**WHAT TO DO:** Take the entries below and print only the lines from the one with "Set Implicit Arguments." through the one with "fun j => if j == i then t else p j.", exactly as they stand, both ends included.

**DATA IN THIS EXERCISE:**

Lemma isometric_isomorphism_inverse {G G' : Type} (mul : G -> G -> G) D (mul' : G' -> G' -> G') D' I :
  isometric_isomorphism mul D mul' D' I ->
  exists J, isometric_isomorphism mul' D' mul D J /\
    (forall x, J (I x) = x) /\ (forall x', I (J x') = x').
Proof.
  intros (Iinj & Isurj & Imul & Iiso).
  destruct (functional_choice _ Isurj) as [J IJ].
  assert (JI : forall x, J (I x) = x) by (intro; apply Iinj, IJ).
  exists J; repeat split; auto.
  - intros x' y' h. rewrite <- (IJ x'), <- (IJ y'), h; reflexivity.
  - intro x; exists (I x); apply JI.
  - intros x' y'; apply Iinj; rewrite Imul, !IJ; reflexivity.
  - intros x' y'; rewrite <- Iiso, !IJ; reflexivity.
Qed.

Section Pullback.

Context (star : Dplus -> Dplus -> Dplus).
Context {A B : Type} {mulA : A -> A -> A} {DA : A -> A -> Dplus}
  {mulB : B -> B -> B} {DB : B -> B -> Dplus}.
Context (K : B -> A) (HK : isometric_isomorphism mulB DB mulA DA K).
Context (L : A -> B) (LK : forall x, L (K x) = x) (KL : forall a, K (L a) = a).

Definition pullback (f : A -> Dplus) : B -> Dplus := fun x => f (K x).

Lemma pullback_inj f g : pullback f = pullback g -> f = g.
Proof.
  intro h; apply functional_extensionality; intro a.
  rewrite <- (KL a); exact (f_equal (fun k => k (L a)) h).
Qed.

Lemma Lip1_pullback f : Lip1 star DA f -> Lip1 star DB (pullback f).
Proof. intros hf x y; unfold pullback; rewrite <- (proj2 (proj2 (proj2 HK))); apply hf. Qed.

---

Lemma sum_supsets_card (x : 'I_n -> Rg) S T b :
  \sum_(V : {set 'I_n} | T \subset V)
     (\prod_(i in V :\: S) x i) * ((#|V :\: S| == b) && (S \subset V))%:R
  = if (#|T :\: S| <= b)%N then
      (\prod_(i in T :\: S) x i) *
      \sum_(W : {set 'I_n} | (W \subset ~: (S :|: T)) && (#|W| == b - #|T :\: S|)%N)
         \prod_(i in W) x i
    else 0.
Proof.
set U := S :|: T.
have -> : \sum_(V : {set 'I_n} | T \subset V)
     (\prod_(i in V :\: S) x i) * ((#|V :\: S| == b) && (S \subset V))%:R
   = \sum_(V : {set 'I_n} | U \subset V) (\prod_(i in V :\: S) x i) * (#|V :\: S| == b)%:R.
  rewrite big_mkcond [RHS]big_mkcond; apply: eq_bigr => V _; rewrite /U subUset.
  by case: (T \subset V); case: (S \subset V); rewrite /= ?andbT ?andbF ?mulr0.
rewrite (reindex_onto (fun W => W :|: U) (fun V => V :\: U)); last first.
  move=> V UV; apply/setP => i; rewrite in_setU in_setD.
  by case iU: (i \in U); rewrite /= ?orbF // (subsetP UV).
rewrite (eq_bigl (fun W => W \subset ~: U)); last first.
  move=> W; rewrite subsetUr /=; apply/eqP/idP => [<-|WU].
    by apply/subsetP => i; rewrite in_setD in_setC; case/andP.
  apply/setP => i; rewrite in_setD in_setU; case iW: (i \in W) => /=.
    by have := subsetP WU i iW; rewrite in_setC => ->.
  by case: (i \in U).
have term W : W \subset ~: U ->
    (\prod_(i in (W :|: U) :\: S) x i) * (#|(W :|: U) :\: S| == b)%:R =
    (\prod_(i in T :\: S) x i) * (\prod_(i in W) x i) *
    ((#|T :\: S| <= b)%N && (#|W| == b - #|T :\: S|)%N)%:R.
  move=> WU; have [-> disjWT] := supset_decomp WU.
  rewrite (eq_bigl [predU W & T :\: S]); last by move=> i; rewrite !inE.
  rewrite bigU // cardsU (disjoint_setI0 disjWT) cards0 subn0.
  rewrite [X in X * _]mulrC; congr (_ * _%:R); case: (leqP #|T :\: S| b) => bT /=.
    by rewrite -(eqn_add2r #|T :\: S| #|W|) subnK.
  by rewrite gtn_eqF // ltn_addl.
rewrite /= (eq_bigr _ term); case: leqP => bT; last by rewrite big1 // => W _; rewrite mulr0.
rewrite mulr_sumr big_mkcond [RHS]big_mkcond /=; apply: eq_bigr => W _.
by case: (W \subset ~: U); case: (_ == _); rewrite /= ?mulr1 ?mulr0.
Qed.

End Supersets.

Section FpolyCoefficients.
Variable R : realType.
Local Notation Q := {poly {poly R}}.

...

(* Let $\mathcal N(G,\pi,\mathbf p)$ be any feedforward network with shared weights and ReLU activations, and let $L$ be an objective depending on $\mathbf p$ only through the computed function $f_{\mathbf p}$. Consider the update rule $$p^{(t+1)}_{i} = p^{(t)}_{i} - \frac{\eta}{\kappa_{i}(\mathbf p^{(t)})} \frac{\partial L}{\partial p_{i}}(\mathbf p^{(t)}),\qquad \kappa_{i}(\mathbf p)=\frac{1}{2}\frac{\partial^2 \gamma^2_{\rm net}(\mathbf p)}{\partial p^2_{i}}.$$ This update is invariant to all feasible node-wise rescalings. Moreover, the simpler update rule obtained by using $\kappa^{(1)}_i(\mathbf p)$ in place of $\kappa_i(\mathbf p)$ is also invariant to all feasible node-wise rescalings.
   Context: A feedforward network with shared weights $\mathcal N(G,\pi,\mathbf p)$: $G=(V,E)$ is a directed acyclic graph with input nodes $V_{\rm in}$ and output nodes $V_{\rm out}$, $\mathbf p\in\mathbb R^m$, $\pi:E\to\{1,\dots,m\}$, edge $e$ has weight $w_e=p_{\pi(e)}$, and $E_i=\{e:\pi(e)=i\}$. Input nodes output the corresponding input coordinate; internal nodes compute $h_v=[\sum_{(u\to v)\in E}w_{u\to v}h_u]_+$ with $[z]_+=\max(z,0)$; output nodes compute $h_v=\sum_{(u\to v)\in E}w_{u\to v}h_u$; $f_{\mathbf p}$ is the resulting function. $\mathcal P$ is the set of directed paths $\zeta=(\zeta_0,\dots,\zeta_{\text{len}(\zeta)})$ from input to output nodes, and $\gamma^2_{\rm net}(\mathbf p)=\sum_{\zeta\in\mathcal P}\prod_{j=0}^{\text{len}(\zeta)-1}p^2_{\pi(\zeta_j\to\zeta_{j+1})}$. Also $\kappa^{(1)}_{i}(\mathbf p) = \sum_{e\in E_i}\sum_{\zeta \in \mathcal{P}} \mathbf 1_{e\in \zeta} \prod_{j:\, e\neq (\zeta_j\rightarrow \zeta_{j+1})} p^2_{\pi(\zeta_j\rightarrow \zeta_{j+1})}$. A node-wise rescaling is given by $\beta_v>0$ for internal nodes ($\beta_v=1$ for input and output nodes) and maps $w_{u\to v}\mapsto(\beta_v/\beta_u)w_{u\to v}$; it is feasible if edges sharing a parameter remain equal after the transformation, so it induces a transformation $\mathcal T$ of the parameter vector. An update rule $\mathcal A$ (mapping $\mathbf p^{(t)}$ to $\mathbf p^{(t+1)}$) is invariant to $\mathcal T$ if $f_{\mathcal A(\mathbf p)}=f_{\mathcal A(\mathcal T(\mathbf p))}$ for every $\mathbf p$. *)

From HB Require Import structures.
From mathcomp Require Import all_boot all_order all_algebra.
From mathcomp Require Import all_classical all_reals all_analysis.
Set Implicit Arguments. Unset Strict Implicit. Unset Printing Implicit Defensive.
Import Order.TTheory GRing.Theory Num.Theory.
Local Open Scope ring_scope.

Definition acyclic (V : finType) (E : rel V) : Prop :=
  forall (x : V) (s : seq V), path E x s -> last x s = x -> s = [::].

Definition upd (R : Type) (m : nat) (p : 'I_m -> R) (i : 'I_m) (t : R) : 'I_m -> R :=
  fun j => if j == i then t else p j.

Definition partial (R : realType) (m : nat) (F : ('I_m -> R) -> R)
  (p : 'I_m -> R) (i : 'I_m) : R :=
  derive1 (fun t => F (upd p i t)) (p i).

**RESULT BELOW:**
Set Implicit Arguments. Unset Strict Implicit. Unset Printing Implicit Defensive.
Import Order.TTheory GRing.Theory Num.Theory.
Local Open Scope ring_scope.

Definition acyclic (V : finType) (E : rel V) : Prop :=
  forall (x : V) (s : seq V), path E x s -> last x s = x -> s = [::].

Definition upd (R : Type) (m : nat) (p : 'I_m -> R) (i : 'I_m) (t : R) : 'I_m -> R :=
  fun j => if j == i then t else p j.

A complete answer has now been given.